AI Agents Are Not Your Coworkers

AI Agents Are Not Your Coworkers


Marketing AI agents as digital employees may make human workers worse at spotting errors and more likely to offload accountability.


By James O'Donnell | June 29, 2026


As businesses rush to integrate AI agents into their workflows, a troubling trend has emerged: these systems are increasingly being branded as digital employees or virtual coworkers. While the language may seem harmless, research and real-world experience in 2026 suggest it carries significant risks for workplace accuracy, accountability, and trust.


The Problem with Personifying AI


When we call an AI agent a "coworker," we implicitly grant it a level of human-like reliability and authority. Studies show that people are less likely to double-check outputs from systems they perceive as peers or team members—a phenomenon known as automation bias. In a 2026 workplace where AI agents handle tasks from data entry to customer support, this bias can lead to serious errors slipping through unnoticed.


Accountability Gaps


One of the most concerning consequences is the erosion of accountability. When a human employee makes a mistake, there is a clear chain of responsibility. But when an AI agent—presented as a colleague—produces an error, it becomes difficult to assign blame. Workers may feel less inclined to take ownership of outcomes, assuming the AI shares responsibility. Meanwhile, managers may struggle to determine whether to retrain the model, update the dataset, or adjust the workflow.


Real-World Examples in 2026


Recent incidents highlight the dangers:


  • Hybrid call centers: In some companies, AI agents handle initial customer inquiries, but human agents are supposed to review escalated cases. When the AI was described as a "teammate," agents were found to let more complex issues pass without proper scrutiny, assuming the AI had already resolved them.
  • Software development: AI code assistants, marketed as "pair programmers," led to developers skipping manual review of generated code, resulting in security vulnerabilities being deployed to production.
  • Medical triage: In experimental telehealth systems, clinicians were more likely to accept AI-generated diagnoses without verification when the system was portrayed as a "clinical partner."

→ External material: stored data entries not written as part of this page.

Lemma mxtrace_pauli_mul k l : \tr (pauli R k *m pauli R l) = if k == l then 2 else 0.
Proof.
elim/ord3_cases: k; elim/ord3_cases: l; rewrite mxtrace2 !mulmx2E !mxE /=.
all: by apply/eqP; rewrite eq_complex /=; apply/andP; split; apply/eqP; ring.
Qed.

Lemma pdot_entry a i j : pdot a i j = \sum_k (a 0 k)%:C * pauli R k i j.
Proof. by rewrite /pdot summxE; apply: eq_bigr => k _; rewrite mxE. Qed.

Lemma mxtrace_pdot a : \tr (pdot a) = 0.
Proof. by rewrite /pdot mxtrace_sum big1 // => k _; rewrite mxtraceZ mxtrace_pauli mulr0. Qed.

Lemma adj_pdot a : adj (pdot a) = pdot a.
Proof. by rewrite /pdot adj_sum; apply: eq_bigr => k _; rewrite adjZ_real adj_pauli. Qed.

Lemma mxtrace_pdot_mul a b : \tr (pdot a *m pdot b) = 2 * (rdot a b)%:C.
Proof.
rewrite /pdot /rdot mulmx_suml mxtrace_sum.
under eq_bigr => k _ do rewrite mulmx_sumr mxtrace_sum.
under eq_bigr => k _ do under eq_bigr => m _ do
  rewrite -scalemxAl -scalemxAr !mxtraceZ mxtrace_pauli_mul.
by rewrite !sum_ord3 /= !rmorphD !rmorphM /=; ring.
Qed.

Definition corr_op (u v : 'I_3 -> 'rV[R]_3) : 'M[C]_(2 * 2) :=
  \sum_i pdot (u i) *t pdot (v i).

Lemma mxtrace_mul_corr_op (M : 'M[C]_(2 * 2)) u v :
  \sum_i \tr (M *m (pdot (u i) *t pdot (v i))) = \tr (M *m corr_op u v).
Proof. by rewrite /corr_op mulmx_sumr mxtrace_sum. Qed.

Lemma adj_corr_op u v : adj (corr_op u v) = corr_op u v.
Proof. by rewrite /corr_op adj_sum; apply: eq_bigr => i _; rewrite adj_tens !adj_pdot. Qed.

Lemma mxtrace_corr_op u v : \tr (corr_op u v) = 0.
Proof. by rewrite /corr_op mxtrace_sum big1 // => i _; rewrite mxtrace_tens mxtrace_pdot mul0r. Qed.

Lemma frob_corr_op u v : (forall i, unit_vec (u i)) -> orthonormal3 v ->
  frob (corr_op u v) = 2 * Num.sqrt 3.
Proof.
move=> u_unit v_orth; rewrite frobE adj_corr_op.
have -> : 2 * Num.sqrt 3 = Num.sqrt (12 : R).
  by rewrite -[12 : R]/((2 ^ 2 * 3)%N%:R) natrM natrX sqrtrM ?sqr_ge0 // sqrtr_sqr ger0_norm.
congr Num.sqrt.
rewrite /corr_op mulmx_suml mxtrace_sum.
under eq_bigr => i _ do rewrite mulmx_sumr mxtrace_sum.
under eq_bigr => i _ do under eq_bigr => j _ do
  rewrite tensmx_mul mxtrace_tens !mxtrace_pdot_mul v_orth.
rewrite (eq_bigr (fun _ => 4)) ?sum_ord3; first by rewrite /=; lra.
move=> i _; rewrite (bigD1 i) //= eqxx (u_unit i) big1 ?addr0.
  by rewrite !mulr1 -natrM.
by move=> j /negbTE; rewrite eq_sym => ->; rewrite !mulr0.
Qed.

(** * States of purity at most 1/2 *)

Lemma purity_frob n (s : 'M[C]_n) : (0 < n)%N -> adj s = s -> \tr s = 1 ->
  purity s = (frob (s - (n%:R^-1)%:C%:M) ^+ 2 + n%:R^-1)%:C.
Proof.
move=> n_gt0 hs htr; set q : R := n%:R^-1.
have qn : q *+ n = 1 by rewrite -mulr_natr mulVf // pnatr_eq0 -lt0n.
rewrite rmorphD /= frob_sqr adjD adjN adj_scalar_real hs mulmxBl !mulmxBr.
rewrite mul_mx_scalar !mul_scalar_mx !linearB !linearZ /= mxtrace_scalar htr.
by rewrite -rmorphMn qn /purity -![_ *: _]/(_ * _); ring.
Qed.

Lemma purity_le_half_frob (s : 'M[C]_(2 * 2)) : density s ->
  (purity s <= (2^-1)%:C) = (frob (s - ((4 : R)^-1)%:C%:M) <= 2^-1).
Proof.
case=> hs _ htr; rewrite (@purity_frob 4 s) // lecR.
have f_ge0 : 0 <= frob (s - ((4 : R)^-1)%:C%:M) by exact: sqrtr_ge0.
by apply/idP/idP => h; nra.
Qed.

Lemma frob_le_AUS3 (s : 'M[C]_(2 * 2)) :
  density s -> frob (s - ((4 : R)^-1)%:C%:M) <= 2^-1 -> AUS3 s.
Proof.
move=> ds hX; split=> // U u v hU u_unit v_orth.
have [hs _ _] := ds; set X := s - _ in hX *.
have eS : U *m s *m adj U = U *m X *m adj U + ((4 : R)^-1)%:C%:M.
  by rewrite /X mulmxBr mulmxBl mul_mx_scalar -scalemxAl hU scalemx1 subrK.
have hY : adj (U *m X *m adj U) = U *m X *m adj U.
  by rewrite !adjM adjK /X adjD adjN adj_scalar_real hs mulmxA.
rewrite mxtrace_mul_corr_op eS mulmxDl mxtraceD mul_scalar_mx mxtraceZ mxtrace_corr_op.
have := herm_mxtrace_mul_le hY (adj_corr_op u v).
rewrite mulr0 addr0 herm_mxtrace_mul_real ?adj_corr_op // normc_real -rmorphM !lecR.
have s3_gt0 : 0 < Num.sqrt (3 : R) by rewrite sqrtr_gt0.
rewrite frob_unitary_conj // frob_corr_op // ler_pdivrMl // mulr1; nra.
Qed.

What Should We Call Them Instead?


Experts recommend using terms that emphasize the AI's role as a tool rather than a colleague. Phrases like "AI assistant," "automation system," or "decision support tool" help maintain appropriate human oversight. This linguistic shift matters: it reminds workers that they remain ultimately responsible for outcomes and must verify AI outputs.


Building Better Workflows


Organizations can take concrete steps to mitigate these risks:


  1. Training: Educate employees on automation bias and the limitations of AI agents.
  2. Interface design: Make AI contributions clearly identifiable, with options to view underlying reasoning.
  3. Accountability structures: Establish clear policies that human employees retain final decision-making authority.
  4. Regular audits: Implement periodic reviews of AI-assisted work to catch systematic errors.

  5. The Bottom Line


    As AI agents become more sophisticated and widespread in 2026, the language we use to describe them matters. Marketing them as coworkers may boost adoption, but it undermines the careful human oversight that safe and effective AI deployment requires. Treat AI as what it is: a powerful tool, not a colleague. Our jobs—and our trust in AI—depend on it.